__Action item__
The answer must consist of each line below that contains the word "unfold", copied in full.

(Data items)
Lemma expect_increment_sum_sqr_le B v k N :
  is_distribution n v -> (forall a b, (a < n)%nat -> (b < n)%nat -> Rabs (D a b) <= B) ->
  (k <= N)%nat ->
  expect n v A N (fun x => Rsqr (rsum k (fun j => D (nth j x 0%nat) (nth (S j) x 0%nat))))
    <= INR k * Rsqr B.
Proof.
  intros [Hv0 Hv1] HB. induction k as [|k IH]; intros Hk.
  - simpl rsum.
    rewrite (expect_ext _ _ _ _ _ (fun _ => 0)), expect_const by (auto || (intros; apply Rsqr_0)).
    simpl. lra.
  - set (d := fun x (j : nat) => D (nth j x 0%nat) (nth (S j) x 0%nat)).
    rewrite (expect_ext _ _ _ _ _ (fun x => Rsqr (rsum k (d x)) +
                 (2 * rsum k (fun j => d x j * d x k) + Rsqr (d x k))))
      by (intros x; simpl rsum; rewrite rsum_scal_r; unfold d, Rsqr; ring).
    rewrite !expect_add, expect_scal, expect_rsum.
    rewrite (rsum_ext _ _ (fun _ => 0)), rsum_zero
      by (intros j Hj; apply expect_increments_orthogonal; lia).
    assert (Hlast : expect n v A N (fun x => Rsqr (d x k)) <= Rsqr B).
    { rewrite <- (Rmult_1_r (Rsqr B)), <- Hv1, <- (expect_const n v A N (Rsqr B) HA).
      apply expect_le; auto; [apply HA|]. intros x Hx. apply Rsqr_le_abs_1.
      eapply Rle_trans; [apply HB; auto | apply Rle_abs]. }
    pose proof (IH ltac:(lia)). rewrite S_INR. unfold d in *. lra.
Qed.
End MeanZeroIncrements.

End Chain.

(** * Geometric ergodicity *)

Lemma ex_pos_lower_bound m (f : nat -> R) : (forall i, (i < m)%nat -> 0 < f i) ->
  exists d, 0 < d /\ forall i, (i < m)%nat -> d <= f i.
Proof.
  induction m as [|m IH]; intros H; [exists 1; split; [lra | intros; lia]|].
  destruct IH as [d [Hd Hdf]]; [intros; apply H; lia|].
  exists (Rmin d (f m)). split; [apply Rmin_pos; auto|].
  intros i Hi. destruct (Nat.eq_dec i m) as [->|Him]; [apply Rmin_r|].
  eapply Rle_trans; [apply Rmin_l | apply Hdf; lia].
Qed.

Lemma ex_pos_lower_bound2 m1 m2 (f : nat -> nat -> R) :
  (forall i j, (i < m1)%nat -> (j < m2)%nat -> 0 < f i j) ->
  exists d, 0 < d /\ forall i j, (i < m1)%nat -> (j < m2)%nat -> d <= f i j.
Proof.
  induction m1 as [|m1 IH]; intros H; [exists 1; split; [lra | intros; lia]|].
  destruct IH as [d [Hd Hdf]]; [intros; apply H; lia|].
  destruct (ex_pos_lower_bound m2 (f m1)) as [e [He Hef]]; [intros; apply H; lia|].
  exists (Rmin d e). split; [apply Rmin_pos; auto|].
  intros i j Hi Hj. destruct (Nat.eq_dec i m1) as [->|Him].
  - eapply Rle_trans; [apply Rmin_r | apply Hef; lia].
  - eapply Rle_trans; [apply Rmin_l | apply Hdf; lia].
Qed.

Lemma pow_one_sub_ge (x : R) m : 0 <= x <= 1 -> 1 - INR m * x <= (1 - x) ^ m.
Proof.
  intros Hx. induction m as [|m IH]; [simpl; lra|]. rewrite S_INR. simpl.
  assert (0 <= x * INR m * x) by (pose proof (pos_INR m); apply Rmult_le_pos; nra). nra.
Qed.

(* Witness [rho = 1 - (1 - r) / M]: Bernoulli's inequality gives [rho ^ M >= r]. *)
Lemma geometric_of_block_decay (r : R) M : 0 < r < 1 -> (0 < M)%nat ->
  exists C rho, 0 <= C /\ 0 < rho < 1 /\ forall k, r ^ (k / M) <= C * rho ^ k.
Proof.
  intros Hr HM. assert (HMR : 1 <= INR M) by (apply (le_INR 1); lia).
  set (rho := 1 - (1 - r) / INR M).
  assert (Hx : 0 < (1 - r) / INR M < 1).
  { split; [apply Rdiv_lt_0_compat; lra|].
    apply Rmult_lt_reg_r with (INR M); [lra|]. unfold Rdiv. rewrite Rmult_assoc, Rinv_l; lra. }
  assert (Hrho : 0 < rho < 1) by (unfold rho; lra).
  assert (HrM : r <= rho ^ M).
  { eapply Rle_trans; [|apply pow_one_sub_ge; lra].
    replace (INR M * ((1 - r) / INR M)) with (1 - r) by (field; lra). lra. }
  pose proof (pow_lt rho M ltac:(lra)).
  exists (/ rho ^ M), rho. split; [left; now apply Rinv_0_lt_compat|]. split; [auto|].
  intros k. set (q := (k / M)%nat).
  assert (Hk : (M * q + M >= k)%nat)
    by (pose proof (Nat.mul_succ_div_gt k M ltac:(lia)); unfold q; lia).
  apply Rle_trans with (rho ^ (M * q)); [rewrite pow_mult; apply pow_incr; lra|].
  apply Rmult_le_reg_l with (rho ^ M); auto.
  rewrite <- Rmult_assoc, Rinv_r, Rmult_1_l, <- pow_add by lra.
  apply Rle_pow_le1; [lra | lia].
Qed.

Definition osc n (f : nat -> R) (d : R) : Prop :=
  forall i i', (i < n)%nat -> (i' < n)%nat -> f i - f i' <= d.

Lemma osc_contraction n (M : nat -> nat -> R) (d0 : R) (f : nat -> R) (d : R) :
  (0 < n)%nat -> is_transition n M -> 0 < d0 ->
  (forall i j, (i < n)%nat -> (j < n)%nat -> d0 <= M i j) ->
  osc n f d -> osc n (mxv n M f) ((1 - INR n * d0 / 2) * d).
Proof.
  intros Hn [_ HM1] Hd0 HM Hf. set (r := 1 - INR n * d0 / 2).
  assert (Hnd : INR n * d0 <= 1).
  { rewrite <- (HM1 0%nat Hn), <- rsum_const. apply rsum_le. intros; apply HM; auto. }
  assert (Hr : 0 < r) by (unfold r; lra).
  (* each row is [d0 / 2] everywhere plus a nonnegative remainder [B] of mass [r] *)
  set (B := fun i m => M i m - d0 / 2).
  assert (HB : forall i, (i < n)%nat -> rsum n (B i) = r).
  { intros i Hi. unfold B. rewrite rsum_sub, HM1, rsum_const by auto. unfold r; lra. }
  assert (HB0 : forall i m, (i < n)%nat -> (m < n)%nat -> 0 <= B i m)
    by (intros i m Hi Hm; pose proof (HM i m Hi Hm); unfold B; lra).
  assert (HMf : forall i, mxv n M f i = d0 / 2 * rsum n f + mxv n B f i).
  { intros i. unfold mxv. rewrite <- rsum_scal_l, <- rsum_add.
    apply rsum_ext. intros. unfold B; ring. }
  intros i i' Hi Hi'. rewrite !HMf.
  assert (Hprod : r * (mxv n B f i - mxv n B f i') =
                  rsum n (fun m => rsum n (fun m' => B i m * B i' m' * (f m - f m')))).
  { rewrite (rsum_ext _ _ (fun m => r * (B i m * f m) - B i m * mxv n B f i')).
    - rewrite rsum_sub, rsum_scal_l, rsum_scal_r, HB by auto. unfold mxv. ring.
    - intros m Hm. unfold mxv.
      rewrite (rsum_ext _ _ (fun m' => B i m * f m * B i' m' - B i m * (B i' m' * f m')))
        by (intros; ring).
      rewrite rsum_sub, rsum_scal_l, rsum_scal_l, HB by auto. ring. }
  assert (Hle : rsum n (fun m => rsum n (fun m' => B i m * B i' m' * (f m - f m'))) <= r * (r * d)).
  { apply Rle_trans with (rsum n (fun m => rsum n (fun m' => B i m * B i' m' * d))).
    - apply rsum_le; intros m Hm; apply rsum_le; intros m' Hm'.
      apply Rmult_le_compat_l; [apply Rmult_le_pos|apply Hf]; auto.
    - rewrite (rsum_ext _ _ (fun m => B i m * (r * d))); [rewrite rsum_scal_r, HB by auto; lra|].
      intros m Hm. rewrite (rsum_ext _ _ (fun m' => B i m * d * B i' m')) by (intros; ring).
      rewrite rsum_scal_l, HB by auto. ring. }
  apply Rmult_le_reg_l with r; auto. fold r. nra.
Qed.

__Solution to this task__
      by (intros x; simpl rsum; rewrite rsum_scal_r; unfold d, Rsqr; ring).
    pose proof (IH ltac:(lia)). rewrite S_INR. unfold d in *. lra.
    apply Rmult_lt_reg_r with (INR M); [lra|]. unfold Rdiv. rewrite Rmult_assoc, Rinv_l; lra. }
  assert (Hrho : 0 < rho < 1) by (unfold rho; lra).
    by (pose proof (Nat.mul_succ_div_gt k M ltac:(lia)); unfold q; lia).
  assert (Hr : 0 < r) by (unfold r; lra).
  { intros i Hi. unfold B. rewrite rsum_sub, HM1, rsum_const by auto. unfold r; lra. }
    by (intros i m Hi Hm; pose proof (HM i m Hi Hm); unfold B; lra).
  { intros i. unfold mxv. rewrite <- rsum_scal_l, <- rsum_add.
    apply rsum_ext. intros. unfold B; ring. }
    - rewrite rsum_sub, rsum_scal_l, rsum_scal_r, HB by auto. unfold mxv. ring.
    - intros m Hm. unfold mxv.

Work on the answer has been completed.